The Weather Channel showed a clip of Walter Cronkite from the first Earth Day on April 22, 1970. He said,

"Someday, we heard today, the world will be a better place -- if it listens and acts. But in the meantime, perhaps for a generation or more, it will be frighteningly costly to each of us to clean up the mess each of us has made.

"But the cost of not doing so is more frightening. That's what today's message really means. And those who marched today, and those who slept, and those who scorned, are in this thing together.

"What is at stake, and what is in question, is survival."

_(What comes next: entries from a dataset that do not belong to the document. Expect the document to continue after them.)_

(* There exist $R_0>0$ (with $R_0\ll\sqrt{3/(4\pi)}$) and $C>0$ such that for every $0<R<R_0$ there is a continuous solution $(m_R,\rho_R):[0,R]\to\mathbb{R}^2$ of the system $$\frac{dm}{dr}=4\pi r^2\rho,\qquad \frac{d\rho}{dr}=-\frac{2\rho-1}{r-2m}\Big[4\pi r^2(\rho-1)+\frac{m}{r}\Big],$$ with $\rho_R$ monotone decreasing and $m_R$ monotone increasing on $[0,R]$, and such that $$1\le\rho_R(r)\le 1+CR^2,\quad \rho_R(R)=1,\qquad m_R(0)=0,\quad 1\le \frac{3}{4\pi}\frac{m_R(r)}{r^3}\le 1+CR^2,$$ where $C$ is independent of $R$.
   Context: The system is the Tolman–Oppenheimer–Volkoff system for a static spherically symmetric barotropic fluid with equation of state $p=\rho-1$ (units with critical density $1$); $m$ is the Hawking mass and $\rho$ the energy density, as functions of the area radius $r$. Such solutions are called (small) static hard stars of radius $R$. *)

From Stdlib Require Import Reals.
Open Scope R_scope.

(* Right-hand sides of the TOV system with EOS p = rho - 1. *)
Definition tov_m_rhs (r m rho : R) : R := 4 * PI * r ^ 2 * rho.
Definition tov_rho_rhs (r m rho : R) : R :=
  - ((2 * rho - 1) / (r - 2 * m)) * (4 * PI * r ^ 2 * (rho - 1) + m / r).

From Stdlib Require Import Reals Lra Lia.
From Coquelicot Require Import Coquelicot.
Open Scope R_scope.

(* The density is sought as a fixed point of rho |-> 1 + int_r^R G(rho), where G(rho) = -rho' is the
   right-hand side of the TOV equation evaluated with the mass m(r) = int_0^r 4 pi t^2 rho generated by
   rho; then rho(R) = 1 and m(0) = 0 hold by construction.  Writing m = u r^3 one has G = r H(rho, u, r),
   where H is bounded and Lipschitz as long as 1 <= rho <= 2 and r <= 1/100, and u is controlled by
   sup |rho|.  The factor r therefore makes the map send densities with values in [1, 2] to densities
   with values in [1, 1 + 162 R^2] and halve their sup distance, so Picard iteration converges to a
   fixed point.  Monotonicity follows from G >= 0 and rho > 0. *)

(** * Uniform convergence and Picard iteration *)

Definition dist_le (f g : R -> R) (d : R) := forall x, Rabs (f x - g x) <= d.

Definition unif_cv (u : nat -> R -> R) (l : R -> R) :=
  forall eps, 0 < eps -> exists N, forall n x, (N <= n)%nat -> Rabs (l x - u n x) < eps.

I was 7 years old on that first Earth Day. The spirit of environmentalism was instilled in me by popular culture and enforced well enough that I am fastidious in both cleaning up after myself and in not making a mess in the first place. (Outdoors, at least.)

For example, even though I smoke, I do not throw cigarette butts anywhere. Sometimes I'll be at somebody's house (an admittedly rare occurrence for a hermit like me) and when they see me searching for an ashtray, they'll say "just throw it in the yard," I won't do it.

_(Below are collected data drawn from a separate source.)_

Lemma near_trans r s a b c : near r a b -> near s b c -> near (r + s) a c.
Proof.
move=> [ab ba] [bc cb]; split.
  by rewrite -addrA (lt_trans ab) ?ltD2l.
by rewrite [r + s]addrC -addrA (lt_trans cb) ?ltD2l.
Qed.

Lemma near_eq_of_gap r a b : (forall c, ~ (0 < c < r)) -> near r a b -> a = b.
Proof.
move=> gap [ab ba]; case: (comparable_leP (comparableM a b)) => [|lt_ba].
  rewrite le_eqVlt => /orP[/eqP //|lt_ab].
  by case: (gap (b - a)); rewrite subr_gt0 subr_lt lt_ab.
by case: (gap (a - b)); rewrite subr_gt0 subr_lt lt_ba.
Qed.

Definition densely_ordered := forall r, 0 < r -> exists a, 0 < a < r.

Lemma exists_half r : densely_ordered -> 0 < r -> exists2 h, 0 < h & h + h <= r.
Proof.
move=> dense r_gt0; have [a /andP[a_gt0 a_lt_r]] := dense r r_gt0.
have ra_gt0 : 0 < r - a by rewrite subr_gt0.
case: (comparable_leP (comparableM a (r - a))) => [le_a_ra | lt_ra_a].
  by exists a => //; rewrite -(subrK a r) addrC leD2r.
by exists (r - a) => //; rewrite -{3}(subrK a r) leD2l ltW.
Qed.

Lemma le_double r h : 0 <= h -> h + h <= r -> h <= r.
Proof. by move=> h_ge0; apply: le_trans; rewrite le_addl. Qed.

Lemma bigmax_lt (I : eqType) (s : seq I) (F : I -> M) d :
  \big[Order.max/0]_(i <- s) F i < d <-> 0 < d /\ forall i, i \in s -> F i < d.
Proof.
elim: s => [|j s IH]; first by rewrite big_nil; split=> [|[]].
rewrite big_cons comparable_gt_max ?comparableM //; split.
  move=> /andP[Fj /IH[d_gt0 Fs]]; split=> // i; rewrite inE => /orP[/eqP-> //|].
  exact: Fs.
move=> [d_gt0 Fs]; rewrite Fs ?mem_head //=; apply/IH; split=> // i si.
by apply: Fs; rewrite inE si orbT.
Qed.

Lemma nrm_lt n (x : pt M n) d : nrm x < d <-> 0 < d /\ forall i, absM (x i) < d.
Proof.
rewrite /nrm bigmax_lt; split=> [] [d_gt0 lt_d]; split=> // i.
exact: lt_d (mem_index_enum i).
Qed.

Lemma absM_le_nrm n (x : pt M n) i : absM (x i) <= nrm x.
Proof.
case: (comparable_leP (comparableM (absM (x i)) (nrm x))) => // /nrm_lt[_].
by move=> /(_ i); rewrite ltxx.
Qed.

Definition ball n (x : pt M n) r (y : pt M n) := 0 < r /\ forall i, near r (x i) (y i).

Lemma dist_lt n (x y : pt M n) r : dist x y < r <-> ball x r y.
Proof.
rewrite /dist nrm_lt; split=> [] [r_gt0 xy]; split=> // i; exact/absM_subr_lt.
Qed.

Lemma ball_refl n (x : pt M n) r : 0 < r -> ball x r x.
Proof. by move=> r_gt0; split=> // i; apply: near_refl. Qed.

Lemma ball_le n (x y : pt M n) r r' : r <= r' -> ball x r y -> ball x r' y.
Proof.
move=> rr' [r_gt0 xy]; split=> [|i]; first exact: lt_le_trans rr'.
exact: near_le rr' (xy i).
Qed.

Lemma ball_trans n (x y z : pt M n) r s : ball x r y -> ball y s z -> ball x (r + s) z.
Proof.
move=> [r_gt0 xy] [s_gt0 yz]; split=> [|i]; last exact: near_trans (xy i) (yz i).
by rewrite -[0](addr0 0) ltD.
Qed.

Lemma ball_eq_of_gap n (x y : pt M n) r : (forall c, ~ (0 < c < r)) -> ball x r y -> x = y.
Proof.
move=> gap [_ xy]; apply: functional_extensionality => i.
exact: near_eq_of_gap gap (xy i).
Qed.

Lemma absM_le_between a b : absM a <= b -> - b <= a <= b.
Proof.
move=> le_b; have /andP[a_le na_le] := absM_ge a.
have na_b := le_trans na_le le_b.
rewrite (le_trans a_le le_b) andbT -(leD2r b) addNr.
by move: na_b; rewrite -(leD2r a) addNr addrC.
Qed.

Definition in_box B n (x : pt M n) := forall i, - B <= x i <= B.

Lemma bounded_in_box n (C : pt M n -> Prop) :
  bounded_set C -> exists2 B, 0 <= B & forall x : pt M n, C x -> in_box B x.
Proof.
case=> B C_le; have [B' [B'_ge0 B_B']] : exists B', 0 <= B' /\ B <= B'.
  by case: (comparable_leP (comparableM 0 B)) => [? | /ltW ?]; [exists B | exists 0].
exists B' => // x Cx i; apply: absM_le_between.
exact: le_trans (absM_le_nrm x i) (le_trans (C_le x Cx) B_B').
Qed.

End OrderedGroup.

Section Points.
Variable M : porderZmodType.

Definition lpart k n (w : pt M (k + n)) : pt M k := fun i => w (lshift n i).
Definition rpart k n (w : pt M (k + n)) : pt M n := fun j => w (rshift k j).
Definition pt1 (a : M) : pt M 1 := fun _ => a.
Definition lastc k (w : pt M (k + 1)) : M := w (rshift k ord0).

Lemma catf_lshift k n (x : pt M k) (y : pt M n) i : catf x y (lshift n i) = x i.
Proof. by rewrite /catf -[lshift n i]/(unsplit (inl i)) unsplitK. Qed.

Lemma catf_rshift k n (x : pt M k) (y : pt M n) j : catf x y (rshift k j) = y j.
Proof. by rewrite /catf -[rshift k j]/(unsplit (inr j)) unsplitK. Qed.

Lemma lpart_catf k n (x : pt M k) (y : pt M n) : lpart (catf x y) = x.
Proof. by apply: functional_extensionality => i; rewrite /lpart catf_lshift. Qed.

Lemma rpart_catf k n (x : pt M k) (y : pt M n) : rpart (catf x y) = y.
Proof. by apply: functional_extensionality => j; rewrite /rpart catf_rshift. Qed.

Lemma lastc_catf k (x : pt M k) a : lastc (catf x (pt1 a)) = a.
Proof. exact: catf_rshift. Qed.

If I don't have an ashtray or bucket available, I'll empty out the remaining tobacco, roll up the filter and paper, and stick it in my pocket. Lisa taught me about tobacco offerings, and I always say a few words when I "give the tobacco back to the Mother". Lisa approved of this practice.

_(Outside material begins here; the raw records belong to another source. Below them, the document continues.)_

(* Time is 0-indexed: paper time t in 1..T corresponds to t-1 in 0..T-1. *)
Variable f : nat -> X -> U -> W -> (X -> R) -> X.
Variable l : nat -> X -> U -> (X -> R) -> R.
Variable p0 : X -> R.
Variable pw : nat -> W -> R.

Definition inI (z : X -> R) : Prop := forall x, 0 <= z x <= 1.
Definition inDelta (z : X -> R) : Prop :=
  (forall x, 0 <= z x) /\ \sum_x z x = 1.
Definition isProb (A : finType) (p : A -> R) : Prop :=
  (forall a, 0 <= p a) /\ \sum_a p a = 1.

Definition supnorm (z : X -> R) : R := \big[Num.max/0]_x `|z x|.

Definition Ptr (t : nat) (y x : X) (u : U) (z : X -> R) : R :=
  \sum_w (f t x u w z == y)%:R * pw t w.

Definition lipschitz_assumption : Prop :=
  forall t, (t < T)%N ->
    exists K1 K2 : R, 0 < K1 /\ 0 < K2 /\
    forall (x y : X) (u : U) (z1 z2 : X -> R), inI z1 -> inI z2 ->
      `|Ptr t y x u z1 - Ptr t y x u z2| <= K1 * supnorm (fun x' => z1 x' - z2 x') /\
      `|l t x u z1 - l t x u z2| <= K2 * supnorm (fun x' => z1 x' - z2 x').

Definition mfield (n : nat) (s : {ffun 'I_n -> X}) : X -> R :=
  fun x => (#|[set i | s i == x]|)%:R / n%:R.

(* a mean-field sharing strategy: u^i_t = pol t x^i_t m_t (common to all agents) *)
Definition mfs_strategy := nat -> X -> (X -> R) -> U.

(* one step of the joint dynamics under noise sample w (steps t >= T are inert) *)
Definition step (n : nat) (pol : mfs_strategy)
    (w : {ffun 'I_T -> {ffun 'I_n -> W}}) (t : nat) (s : {ffun 'I_n -> X})
    : {ffun 'I_n -> X} :=
  match insub t with
  | Some o => [ffun i => f t (s i) (pol t (s i) (mfield s)) (w o i) (mfield s)]
  | None => s
  end.

Fixpoint traj (n : nat) (pol : mfs_strategy) (s0 : {ffun 'I_n -> X})
    (w : {ffun 'I_T -> {ffun 'I_n -> W}}) (t : nat) : {ffun 'I_n -> X} :=
  match t with
  | 0 => s0
  | t'.+1 => step pol w t' (traj pol s0 w t')
  end.

Definition outcome_prob (n : nat) (s0 : {ffun 'I_n -> X})
    (w : {ffun 'I_T -> {ffun 'I_n -> W}}) : R :=
  (\prod_i p0 (s0 i)) * \prod_(t < T) \prod_i pw t (w t i).

Definition realized_cost (n : nat) (pol : mfs_strategy) (s0 : {ffun 'I_n -> X})
    (w : {ffun 'I_T -> {ffun 'I_n -> W}}) : R :=
  \sum_(t < T)
    let s := traj pol s0 w t in
    n%:R^-1 * \sum_(i < n) l t (s i) (pol t (s i) (mfield s)) (mfield s).

Definition Jcost (n : nat) (pol : mfs_strategy) : R :=
  \sum_(s0 : {ffun 'I_n -> X}) \sum_(w : {ffun 'I_T -> {ffun 'I_n -> W}})
     outcome_prob s0 w * realized_cost pol s0 w.

Definition Jstar (n : nat) : R := inf (range (Jcost n)).

Definition fhat (t : nat) (z : X -> R) (g : {ffun X -> U}) : X -> R :=
  fun y => \sum_x z x * Ptr t y x (g x) z.
Definition chat (t : nat) (z : X -> R) (g : {ffun X -> U}) : R :=
  \sum_x z x * l t x (g x) z.

(* Vaux k t z : value with k steps remaining starting at time t *)
Fixpoint Vaux (k t : nat) (z : X -> R) : R :=
  match k with
  | 0 => 0
  | k'.+1 => inf [set chat t z g + Vaux k' t.+1 (fhat t z g) | g in [set: {ffun X -> U}]]
  end.
(* hat V_t (with hat V_T = 0 in 0-indexed time, i.e. hat V_{T+1} = 0 in paper) *)
Definition Vhat (t : nat) (z : X -> R) : R := Vaux (T - t) t z.

Definition Qhat (t : nat) (z : X -> R) (g : {ffun X -> U}) : R :=
  chat t z g + Vhat t.+1 (fhat t z g).

Fixpoint zseq (psi : nat -> (X -> R) -> {ffun X -> U}) (t : nat) : X -> R :=
  match t with
  | 0 => p0
  | t'.+1 => fhat t' (zseq psi t') (psi t' (zseq psi t'))
  end.

(* the fully decentralized strategy g_t(x) = psi_t(z_t)(x), viewed as a
   (mean-field-ignoring) mean-field sharing strategy *)
Definition decentralized (psi : nat -> (X -> R) -> {ffun X -> U}) : mfs_strategy :=
  fun t x _ => psi t (zseq psi t) x.

End MFModel.

From HB Require Import structures.
From mathcomp Require Import all_boot all_order all_algebra.
From mathcomp Require Import boolp classical_sets reals.
From mathcomp Require Import ring lra.
Import Order.TTheory GRing.Theory Num.Theory.
Local Open Scope ring_scope.

(* Both J(g) and J^* are within O(1/sqrt n) of the mean-field value V_1(z_1).
   Given the current joint state, the next states of the n agents are
   independent, so the empirical mean field m_(t+1) is at expected l1-distance
   at most |X|/sqrt n from its conditional mean f_t(m_t, gamma_t): by
   E|Y| <= sqrt(E Y^2), and because a sum of n independent centred terms bounded
   by 1 has second moment at most n.  As c_t, f_t and hence V_t are Lipschitz on
   Delta(X), telescoping V_t along the realised mean fields gives
   J(pi) >= V_1(z_1) - O(1/sqrt n) for every mean-field sharing strategy pi,
   hence for J^*.  Under the decentralized strategy the realised m_t tracks the
   deterministic z_t up to O(1/sqrt n), through a linear recursion whose ratio is
   the Lipschitz constant of f_t; this gives J(g) <= V_1(z_1) + O(1/sqrt n). *)

Set Implicit Arguments. Unset Strict Implicit. Unset Printing Implicit Defensive.

Definition ffun_upd (I A : finType) (w : {ffun I -> A}) (i0 : I) (a : A) :
    {ffun I -> A} :=
  [ffun i => if i == i0 then a else w i].

Section ProductMeasure.
Variables (R : comPzRingType) (I A : finType) (q : I -> A -> R).

Local Notation prodq a := (\prod_i q i (a i)).

Lemma prod_ffun_upd (w : {ffun I -> A}) i0 a :
  prodq (ffun_upd w i0 a) = q i0 a * \prod_(i | i != i0) q i (w i).
Proof.
rewrite (bigD1 i0) //= ffunE eqxx; congr (_ * _).
by apply: eq_bigr => i /negbTE hi; rewrite ffunE hi.
Qed.

Lemma sum_prod_mul (phi : I -> A -> R) :
  \sum_(a : {ffun I -> A}) prodq a * \prod_i phi i (a i) =
  \prod_i \sum_b q i b * phi i b.
Proof. by rewrite bigA_distr_bigA /=; apply: eq_bigr => a _; rewrite big_split. Qed.

Hypothesis q_sum1 : forall i, \sum_b q i b = 1.

Lemma sum_prod_eq1 : \sum_(a : {ffun I -> A}) prodq a = 1.
Proof. by rewrite -bigA_distr_bigA /=; apply: big1. Qed.

Lemma sum_prod_resample i0 (F : {ffun I -> A} -> R) :
  \sum_(w : {ffun I -> A}) prodq w * F w =
  \sum_(w : {ffun I -> A}) prodq w * \sum_a q i0 a * F (ffun_upd w i0 a).
Proof.
transitivity (\sum_(w : {ffun I -> A}) \sum_a prodq w * F w * q i0 a).
  by apply: eq_bigr => w _; rewrite -big_distrr /= q_sum1 mulr1.
under [RHS]eq_bigr => w _ do rewrite big_distrr.
rewrite !pair_bigA /=.
pose swap (p : {ffun I -> A} * A) := (ffun_upd p.1 i0 p.2, p.1 i0).
have swapK : involutive swap.
  case=> w a; rewrite /swap /= ffunE eqxx; congr (_, _).
  by apply/ffunP => i; rewrite !ffunE; case: eqP => // ->.
rewrite [RHS](reindex_inj (inv_inj swapK)) /=.
apply: eq_bigr => -[w a] _ /=.
have -> : ffun_upd (ffun_upd w i0 a) i0 (w i0) = w.
  by apply/ffunP => i; rewrite !ffunE; case: eqP => // ->.
rewrite prod_ffun_upd (bigD1 i0) //=; ring.
Qed.

End ProductMeasure.

Section Concentration.
Variable R : rcfType.

Lemma expect_norm_le_sqrt (A : finType) (p Y : A -> R) :
  (forall a, 0 <= p a) -> \sum_a p a = 1 ->
  \sum_a p a * `|Y a| <= Num.sqrt (\sum_a p a * Y a ^+ 2).
Proof.
move=> p_ge0 p_sum1; set c := \sum_a p a * `|Y a|.
have c_ge0 : 0 <= c by apply: sumr_ge0 => a _; apply: mulr_ge0.
have var_ge0 : 0 <= \sum_a p a * (`|Y a| - c) ^+ 2.
  by apply: sumr_ge0 => a _; apply: mulr_ge0 => //; apply: sqr_ge0.
have varE : \sum_a p a * (`|Y a| - c) ^+ 2 = \sum_a p a * Y a ^+ 2 - c ^+ 2.
  transitivity (\sum_a (p a * Y a ^+ 2 - (2 * c) * (p a * `|Y a|) + c ^+ 2 * p a)).
    by apply: eq_bigr => a _; rewrite -[Y a ^+ 2]real_normK ?num_real //; ring.
  by rewrite big_split sumrB /= -!mulr_sumr -/c p_sum1; ring.
rewrite -(ger0_norm c_ge0) -sqrtr_sqr ler_sqrt; first lra.
by apply: sumr_ge0 => a _; apply: mulr_ge0 => //; apply: sqr_ge0.
Qed.

Variables (n : nat) (A : finType) (q : 'I_n -> A -> R).
Hypotheses (q_ge0 : forall i b, 0 <= q i b) (q_sum1 : forall i, \sum_b q i b = 1).

Local Notation prodq a := (\prod_i q i (a i)).

Lemma prodq_ge0 (a : {ffun 'I_n -> A}) : 0 <= prodq a.
Proof. by apply: prodr_ge0 => i _. Qed.

Variable D : 'I_n -> A -> R.
Hypothesis D_centered : forall i, \sum_b q i b * D i b = 0.

Lemma expect_mul_centered i j : i != j ->
  \sum_(a : {ffun 'I_n -> A}) prodq a * (D i (a i) * D j (a j)) = 0.
Proof.
move=> neq_ij.
pose phi k b := if k == i then D i b else if k == j then D j b else 1.
transitivity (\sum_(a : {ffun 'I_n -> A}) prodq a * \prod_k phi k (a k)).
  apply: eq_bigr => a _; congr (_ * _).
  rewrite (bigD1 i) //= /phi eqxx (bigD1 j) 1?eq_sym //= (negbTE neq_ij) eqxx.
  by rewrite big1 ?mulr1 // => k /andP[/negbTE-> /negbTE->].
by rewrite sum_prod_mul (bigD1 i) //= /phi eqxx D_centered mul0r.
Qed.

Lemma expect_sum_centered_sqr_le : (forall i b, `|D i b| <= 1) ->
  \sum_(a : {ffun 'I_n -> A}) prodq a * (\sum_i D i (a i)) ^+ 2 <= n%:R.
Proof.
move=> D_le1.
have sqrE (a : {ffun 'I_n -> A}) :
    (\sum_i D i (a i)) ^+ 2 = \sum_i \sum_j D i (a i) * D j (a j).
  by rewrite expr2 big_distrl /=; apply: eq_bigr => i _; rewrite big_distrr.
under eq_bigr => a _ do rewrite sqrE mulr_sumr.
rewrite exchange_big /= -[n in n%:R]card_ord -sumr_const; apply: ler_sum => i _.
under eq_bigr => a _ do rewrite /= mulr_sumr.
rewrite exchange_big /= (bigD1 i) //= [X in _ + X]big1 ?addr0; last first.
  by move=> j neq_ji; apply: expect_mul_centered; rewrite eq_sym.
rewrite -[leRHS](sum_prod_eq1 q_sum1) ler_sum // => a _.
rewrite -[leRHS]mulr1 ler_wpM2l ?prodq_ge0 //.
by rewrite -expr2 -real_normK ?num_real // expr_le1 ?normr_ge0.
Qed.

End Concentration.

Lemma ler_sum_term (R : numDomainType) (I : finType) (F : I -> R) i :
  (forall j, 0 <= F j) -> F i <= \sum_j F j.
Proof. by move=> F_ge0; rewrite (bigD1 i) //= lerDl sumr_ge0. Qed.

Lemma sum_mul_eq (R : pzSemiRingType) (X : finType) (F : X -> R) y :
  \sum_x F x * (x == y)%:R = F y.
Proof. by rewrite (bigD1 y) //= eqxx mulr1 big1 ?addr0 // => x /negbTE->; rewrite mulr0. Qed.

Section L1Distance.
Variables (R : numDomainType) (X : finType).
Implicit Types z : X -> R.

Definition dist1 z1 z2 : R := \sum_x `|z1 x - z2 x|.

Lemma dist1_ge0 z1 z2 : 0 <= dist1 z1 z2.
Proof. by apply: sumr_ge0 => x _. Qed.

Lemma dist1C z1 z2 : dist1 z1 z2 = dist1 z2 z1.
Proof. by apply: eq_bigr => x _; rewrite distrC. Qed.

Lemma dist1_triangle z1 z2 z3 : dist1 z1 z3 <= dist1 z1 z2 + dist1 z2 z3.
Proof. by rewrite -big_split /=; apply: ler_sum => x _; apply: ler_distD. Qed.

End L1Distance.

Section MeanField.
Variables (R : realType) (X : finType) (n : nat).
Implicit Type s : {ffun 'I_n -> X}.

(* For [n = 0] both sides are [0], as [0^-1 = 0]. *)
Lemma mfield_average s (G : X -> R) :
  \sum_x mfield R s x * G x = n%:R^-1 * \sum_i G (s i).
Proof.
rewrite (partition_big s xpredT) //= mulr_sumr; apply: eq_bigr => x _.
rewrite (eq_bigr (fun _ => G x)) => [|i /eqP-> //].
rewrite /mfield; have -> : #|[set i | s i == x]%classic| = #|(fun i => s i == x)|.
  by apply: eq_card => i; rewrite [LHS]inE /= asboolb.
by rewrite sumr_const -[G x *+ _]mulr_natl; ring.
Qed.

Lemma mfieldE s y : mfield R s y = n%:R^-1 * \sum_i (s i == y)%:R.
Proof. by rewrite -(mfield_average s (fun x => (x == y)%:R)) sum_mul_eq. Qed.

Lemma mfield_inDelta s : (0 < n)%N -> inDelta (mfield R s).
Proof.
move=> n_gt0; split=> [x|]; first by rewrite /mfield divr_ge0 ?ler0n.
have := mfield_average s (fun _ => 1); under eq_bigr => x _ do rewrite mulr1.
by move->; rewrite sumr_const card_ord -[_ *+ n]mulr_natl mulr1 mulVf ?pnatr_eq0 -?lt0n.
Qed.

End MeanField.

Section EmpiricalMeasure.
Variables (R : realType) (X : finType) (n : nat) (A : finType).
Variables (q : 'I_n -> A -> R) (h : 'I_n -> A -> X).
Hypotheses (q_ge0 : forall i b, 0 <= q i b) (q_sum1 : forall i, \sum_b q i b = 1).

Lemma expect_dist1_mfield_le : (0 < n)%N ->
  \sum_(a : {ffun 'I_n -> A}) (\prod_i q i (a i)) *
     dist1 (mfield R [ffun i => h i (a i)])
           (fun y => n%:R^-1 * \sum_i \sum_b q i b * (h i b == y)%:R)
  <= #|X|%:R / Num.sqrt n%:R.
Proof.
move=> n_gt0.
under eq_bigr => a _ do rewrite mulr_sumr.
have -> : #|X|%:R / Num.sqrt n%:R = \sum_(y : X) (Num.sqrt n%:R)^-1 :> R.
  by rewrite sumr_const -[RHS]mulr_natl.
rewrite exchange_big /=; apply: ler_sum => y _.
pose D i b : R := (h i b == y)%:R - \sum_b' q i b' * (h i b' == y)%:R.
have D_centered i : \sum_b q i b * D i b = 0.
  under eq_bigr => b _ do rewrite mulrBr.
  by rewrite sumrB -big_distrl /= q_sum1 mul1r subrr.
have D_le1 i b : `|D i b| <= 1.
  have e_ge0 : 0 <= \sum_b' q i b' * (h i b' == y)%:R.
    by apply: sumr_ge0 => b' _; apply: mulr_ge0.
  have e_le1 : \sum_b' q i b' * (h i b' == y)%:R <= 1.
    rewrite -[leRHS](q_sum1 i); apply: ler_sum => b' _.
    by rewrite -[leRHS]mulr1 ler_wpM2l //; case: (_ == _).
  by rewrite ler_norml /D; case: (_ == _) => /=; apply/andP; split; lra.
have distE (a : {ffun 'I_n -> A}) :
    `|mfield R [ffun i => h i (a i)] y - n%:R^-1 * \sum_i \sum_b q i b * (h i b == y)%:R|
    = n%:R^-1 * `|\sum_i D i (a i)|.
  rewrite mfieldE -mulrBr normrM ger0_norm ?invr_ge0 ?ler0n // /D sumrB.
  by under eq_bigr => i _ do rewrite ffunE.
under eq_bigr => a _ do rewrite distE mulrCA.
rewrite -mulr_sumr.
have sqrt_n_pos : 0 < Num.sqrt n%:R :> R by rewrite sqrtr_gt0 ltr0n.
have -> : (Num.sqrt n%:R)^-1 = n%:R^-1 * Num.sqrt n%:R :> R.
  by rewrite -{2}[n%:R :> R]sqr_sqrtr ?ler0n //; field; rewrite gt_eqF.
rewrite ler_wpM2l ?invr_ge0 ?ler0n //.
apply: le_trans (expect_norm_le_sqrt _ (fun a => prodq_ge0 q_ge0 a)
  (sum_prod_eq1 q_sum1)) _.
by rewrite ler_sqrt ?ler0n // expect_sum_centered_sqr_le.
Qed.

End EmpiricalMeasure.

Lemma normrMB_le (R : numDomainType) (a1 a2 b1 b2 : R) :
  `|a1 * b1 - a2 * b2| <= `|a1 - a2| * `|b1| + `|a2| * `|b1 - b2|.
Proof.
have -> : a1 * b1 - a2 * b2 = (a1 - a2) * b1 + a2 * (b1 - b2) by ring.
by rewrite -!normrM ler_normD.
Qed.

Lemma uniform_nonneg_bound (R : numDomainType) (T : nat) (P : nat -> R -> Prop) :
  (forall t K K', 0 <= K <= K' -> P t K -> P t K') ->
  (forall t, (t < T)%N -> exists2 K, 0 <= K & P t K) ->
  exists2 K, 0 <= K & forall t, (t < T)%N -> P t K.
Proof.
move=> P_mono; elim: T => [_|T IH PT]; first by exists 0.
have [K K_ge0 HK] := IH (fun t ht => PT t (ltnW ht)).
have [K' K'_ge0 HK'] := PT T (ltnSn T).
exists (K + K'); first exact: addr_ge0.
move=> t; rewrite ltnS leq_eqVlt => /predU1P[->|ht].
  by apply: P_mono HK'; rewrite K'_ge0 lerDr.
by apply: P_mono (HK t ht); rewrite K_ge0 lerDl.
Qed.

But Earth Day is more than just an artificial demi-holiday. The Cuyahoga (why didn't my spellchecker know that name?) River Fires -- yes, there was more than one, it was almost a tradition for 100 years -- were one of the most glaring examples of the rampant pollution. But the pollution was more than just dirty rivers and chemical dumps like Love Canal.

Whenever someone complains about environmental regulations - especially someone my age or older - I ask myself, "Where were these people during the 1960's and 70's?"

Here's my $0.02 on part of what Mr, Cronkite said in 1970, to wit:

"But in the meantime, perhaps for a generation or more, it will be frighteningly costly to each of us to clean up the mess each of us has made."

He was right about that. I would add that the cost of remaining clean will continue. Yes, regulations lead to increased costs for businesses and consumers. But I'd rather pay a bit more along the way than pay billions of dollars in tax money in lump sums to clean up all the new Superfund sites that would rapidly appear should the regulations go away.

Corporations rarely police themselves well enough to justify removing regulations. And the occasional new regulation wouldn't hurt much, either. And why is that? why don't they police themselves well enough? Because they are run by human beings, and humans are imperfect and often greedy. Humans are often willing to make a disgusting mess rather than spend some money. This occurs from the low level of a cigarette butt thrown out a car window to raw sewage flowing into open running streams and rivers.

A bit of trivia: for seven months in the mid-1990's I worked designing circuit boards for a company that designed and manufactured equipment that could detect the type and amount of pollution in water. The engineers would take prototype units down to a nearby creek that ran behind McDonald's. They told me that there were a lot of fats in the water after it ran past McDonald's that weren't present on the other side, so it was good for checking out new designs.

The weather is chilly again, and so on this Earth Day I am watching hummingbirds at the feeder with the American flag blowing in the breeze behind it. When it warms up later I'll take the boys out.